Lambda Ceti

Observation data Epoch J2000 Equinox ICRS
- Constellation: Cetus
- Right ascension: 02^{h} 59^{m} 42.893^{s}
- Declination: +08° 54′ 26.589″
- Apparent magnitude (V): 4.71

Characteristics
- Spectral type: B6III
- U−B color index: −0.471
- B−V color index: −0.109±0.006

Astrometry
- Radial velocity (R_{v}): 10.2±2.8 km/s
- Proper motion (μ): RA: 8.382 mas/yr Dec.: −16.385 mas/yr
- Parallax (π): 7.3207±0.1451 mas
- Distance: 446 ± 9 ly (137 ± 3 pc)
- Absolute magnitude (M_{V}): −1.52

Details
- Mass: 5.01±0.05 M_{☉}
- Radius: 5.4 R_{☉}
- Luminosity: 652 L_{☉}
- Temperature: 13,940±710 K
- Rotational velocity (v sin i): 131 km/s
- Age: 100-125 Myr
- Other designations: Menkar, λ Cet, 91 Cet, BD+08°455, FK5 1083, HD 18604, HIP 13954, HR 896, SAO 110889

Database references
- SIMBAD: data

= Lambda Ceti =

Star in the constellation Cetus

Lambda Ceti is a star in the equatorial constellation of Cetus. Its name is a Bayer designation that is Latinized from λ Ceti, and abbreviated Lambda Cet or λ Cet. Historically, the star bore the traditional name Menkar, although today that name is more commonly associated with α Ceti. With an apparent visual magnitude of 4.71, it is faintly visible to the naked eye.
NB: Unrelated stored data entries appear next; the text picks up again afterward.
(* Let $K$ be a finite field of characteristic $p$ and order $q=p^n$, and let $s$ be a positive integer with $\gcd(s,q-1)=1$ that is nondegenerate over $K$. If $u\in K$ and $v_p(W_u)\ge v_p(q)=n$, then $W_u=0$. In particular, either $v_p(W_u)<v_p(q)$ or $v_p(W_u)=\infty$.
   Context: $\zeta=\exp(2\pi i/p)$, $\psi(x)=\zeta^{\mathrm{Tr}(x)}$ with $\mathrm{Tr}$ the absolute trace of $K$ to $\mathbb{F}_p$; $W_u=\sum_{x\in K}\psi(x^s-ux)$. $v_p$ denotes the $p$-adic valuation on $\mathbb{Q}(\zeta)$ extending the usual one on $\mathbb{Q}$ (so $v_p(p)=1$, $v_p(\zeta-1)=1/(p-1)$, $v_p(0)=\infty$). The exponent $s$ is degenerate over $K$ if $s\equiv p^k\pmod{q-1}$ for some integer $k$, and nondegenerate otherwise. *)

From HB Require Import structures.
From mathcomp Require Import all_boot all_order all_algebra all_field.
Set Implicit Arguments. Unset Strict Implicit. Unset Printing Implicit Defensive.
Import Order.TTheory GRing.Theory Num.Theory.
Local Open Scope ring_scope.

(* zeta = exp(2 pi i / p) in algC: p.-root (-1) is the p-th root of -1 of
   minimal nonnegative argument, i.e. exp(i pi / p); its square is exp(2 pi i/p). *)
Definition zeta (p : nat) : algC := (p.-root (-1)) ^+ 2.

Definition absTr (K : finFieldType) (p n : nat) (x : K) : K :=
  \sum_(i < n) x ^+ (p ^ i).

(* the residue k in {0,..,p-1} with k%:R = Tr x (Tr x lies in the prime field) *)
Definition tr_res (K : finFieldType) (p n : nat) (x : K) : nat :=
  odflt ord0 [pick k : 'I_p.+1 | (k < p)%N && ((k%:R : K) == absTr p n x)].

Definition psi (K : finFieldType) (p n : nat) (x : K) : algC :=
  zeta p ^+ tr_res p n x.

Definition W (K : finFieldType) (p n s : nat) (u : K) : algC :=
  \sum_(x : K) psi p n (x ^+ s - u * x).

Definition degenerate (p q s : nat) : Prop :=
  exists k : nat, s = p ^ k %[mod q.-1].

(* v_p(x) >= m, for x in Z[zeta] : since (p) = (1-zeta)^(p-1) is the unique
   (totally ramified) prime above p, v_p(x) >= m iff p^m divides x in the
   algebraic integers. *)
Definition vp_ge (p m : nat) (x : algC) : bool := ((p ^ m)%:R %| x)%A.
Theorem theorem1p2
  (n : nat) (hn : (1 <= n)%nat)
  (f alpha : nat -> R -> R)
  (df d2f dalpha : nat -> R -> R)
  (v : R) (hv : 0 < v)
  (hA : alpha_in_A n alpha)
  (hpmf : forall t, in01 t -> is_pmf n f t)
  (hpos : forall t, in01 t -> forall k, (k <= n)%nat -> 0 < f k t)
  (hf1 : forall k t, (k <= n)%nat -> in01o t -> derivable_pt_lim (f k) t (df k t))
  (hf2 : forall k t, (k <= n)%nat -> in01o t -> derivable_pt_lim (df k) t (d2f k t))
  (hf2c : forall k t, (k <= n)%nat -> in01o t -> continuity_pt (d2f k) t)
  (ha1 : forall k t, (k <= n)%nat -> in01o t -> derivable_pt_lim (alpha k) t (dalpha k t))
  (ha1c : forall k t, (k <= n)%nat -> in01o t -> continuity_pt (dalpha k) t)
  (hpath : forall k t, (k <= n)%nat -> in01o t -> df k t = - v * nabla_g n f alpha k t)
  (tstar : R) (htstar : in01o tstar)
  (hkmon : forall k, (k < n)%nat -> alpha k tstar <= alpha (S k) tstar)
  (htmon : forall k, (k <= n)%nat -> 0 <= dalpha k tstar)
  (hglc : forall k, (k + 2 <= n)%nat ->
     alpha (S k) tstar * (1 - alpha (S k) tstar) * (f (S k) tstar) ^ 2
     - alpha (S (S k)) tstar * (1 - alpha k tstar) * f k tstar * f (S (S k)) tstar >= 0) :
  exists dH : R -> R,
    (forall t, in01o t -> derivable_pt_lim (entropy n f) t (dH t)) /\
    exists h2 : R, derivable_pt_lim dH tstar h2 /\ h2 <= 0.
Proof.
  assert (Hclosed : forall t, in01o t -> in01 t) by (unfold in01o, in01; intros; lra).
  destruct (hA tstar (Hclosed _ htstar)) as [A0 [An Arange]].
  exists (entropy_rate n f df). split.
  { intros t Ht. apply entropy_derivative; intros k Hk; [apply hpos|apply hf1]; auto. }
  eexists. split.
  { apply entropy_rate_derivative; intros k Hk; [apply hpos|apply hf1|apply hf2]; auto. }
  (* At t*, f' and f'' are the discrete velocity and acceleration of the path. *)
  rewrite (sum_eq _ (fun k =>
      acceleration n (at_time f tstar) (at_time alpha tstar) (at_time dalpha tstar) v k
        * (ln (at_time f tstar k) + 1)
      + velocity n (at_time f tstar) (at_time alpha tstar) v k
        * (velocity n (at_time f tstar) (at_time alpha tstar) v k / at_time f tstar k))).
  2:{ intros k Hk.
      rewrite (path_velocity n f alpha df v tstar htstar hpath k Hk),
        (path_acceleration n f alpha df d2f dalpha v tstar htstar hpath) by auto.
      reflexivity. }
  assert (Hrate_bounds : forall k, (k <= n)%nat ->
            alpha k tstar = 0 \/ alpha k tstar = 1 -> dalpha k tstar = 0).
  { intros k Hk. apply (derivative_zero_at_bound (alpha k) tstar); auto.
    intros t Ht. destruct (hA t (Hclosed t Ht)) as [_ [_ Hr]]. auto. }
  pose proof (second_variation_nonneg n (at_time f tstar) (at_time alpha tstar)
                (at_time dalpha tstar) v ltac:(lra) (hpos tstar (Hclosed _ htstar))
                A0 An Arange hkmon htmon Hrate_bounds hglc).
  lra.
Qed.
Lemma deg1_mx_iter f d : is_Calg_morph f -> graded f ->
  deg1_mx (iter d f) = deg1_mx f ^+ d.
Proof.
move=> f_morph f_gr; elim: d => [|d IH].
  by rewrite expr0 -[1]/(1%:M); apply/matrixP => i j; rewrite !mxE mcoeffXU eq_sym.
have iter_gr : graded (iter d f) by elim: (d) => [|e IHe] // ? ? /IHe /f_gr.
change (deg1_mx (f \o iter d f) = deg1_mx f ^+ d.+1).
by rewrite exprS -IH deg1_mx_comp.
Qed.

Lemma deg1_mx_unit_diag Ghat phi : finite_subgroup_mod_Cstar Ghat -> Ghat phi ->
  deg1_mx phi \in unitmx /\ diagonalizable (deg1_mx phi).
Proof.
move=> Ghat_fin phi_G; have [d [l [d_gt0 l_neq0 phi_d]]] := iter_lam_act Ghat_fin phi_G.
have [G_H _ _ _ _] := Ghat_fin; have [phi_morph _ phi_gr] := G_H _ phi_G.
have A_pow : deg1_mx phi ^+ d = l%:M.
  by rewrite -deg1_mx_iter // (deg1_mx_ext phi_d) deg1_mx_lam.
split; first exact: pow_scalar_unitmx A_pow.
by apply: pow_scalar_diagonalizable A_pow; rewrite // pnatr_eq0 -lt0n.
Qed.

Lemma wt2_isolated i : i != 2 -> wt i != wt 2.
Proof. by case: i => [[|[|[|[|i]]]] Hi]. Qed.

Lemma wt3_isolated i : i != 3 -> wt i != wt 3.
Proof. by case: i => [[|[|[|[|i]]]] Hi]. Qed.

Unset Implicit Arguments.

Theorem proposition2p3 (Ghat : (Pol -> Pol) -> Prop) :
  finite_subgroup_mod_Cstar Ghat ->
  exists theta : Pol -> Pol, inH theta /\
    forall phi : Pol -> Pol, Ghat phi ->
      exists (alpha beta : C) (A : 'M[C]_2),
        [/\ alpha != 0, beta != 0, A \in unitmx & diagonalizable A] /\
        [/\ phi (theta 'X_3) = alpha *: theta 'X_3,
            phi (theta 'X_2) = beta *: theta 'X_2,
            phi (theta 'X_0) = A 0 0 *: theta 'X_0 + A 1 0 *: theta 'X_1
          & phi (theta 'X_1) = A 0 1 *: theta 'X_0 + A 1 1 *: theta 'X_1].
Proof.
move=> Ghat_fin.
have [z [z_hom z_coef z_eigen]] := eigenvector wt2_isolated Ghat_fin.
have [w [w_hom w_coef w_eigen]] := eigenvector wt3_isolated Ghat_fin.
have [theta [theta_H [theta0 theta1 theta2 theta3]]] :=
  graded_coordinate_change z_hom z_coef w_hom w_coef.
exists theta; split=> // phi phi_G; rewrite theta0 theta1 theta2 theta3.
have [beta beta_neq0 phi_z] := z_eigen _ phi_G.
have [alpha alpha_neq0 phi_w] := w_eigen _ phi_G.
have [A_unit A_diag] := deg1_mx_unit_diag Ghat_fin phi_G.
have [G_H _ _ _ _] := Ghat_fin; have [_ _ phi_gr] := G_H _ phi_G.
exists alpha, beta, (deg1_mx phi); split; first by [].
by split; rewrite // -[in LHS](deg1_var0, deg1_var1) deg1_mx_col.
Qed.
Based on parallax measurement of 7.32 mas as seen from Earth, it is located at a distance of approximately 446 ly from the Sun. The star is drifting further away with a line of sight velocity component of 10 km/s.

This star, along with α Cet (Menkar), γ Cet (Kaffaljidhma), δ Cet, μ Cet, ξ^{1} Cet and ξ^{2} Cet were Al Kaff al Jidhmah, "the Part of a Hand".

In Chinese, 天囷 (Tiān Qūn), meaning Circular Celestial Granary, refers to an asterism consisting of λ Ceti, α Ceti, κ^{1} Ceti, μ Ceti, ξ^{1} Ceti, ξ^{2} Ceti, ν Ceti, γ Ceti, δ Ceti, 75 Ceti, 70 Ceti, 63 Ceti and 66 Ceti. Consequently, the Chinese name for λ Ceti itself is 天囷三 (Tiān Qūn sān, the Third Star of Circular Celestial Granary.)

Lambda Ceti is a blue giant star with stellar classification B6III. It is an estimated 100-125 million years old, and is spinning rapidly with a projected rotational velocity of 131 km/s. It has five times the mass of the Sun and 5.4 times the Sun's radius. The star is radiating 920 times the Sun's luminosity at an effective temperature of 13,940 K.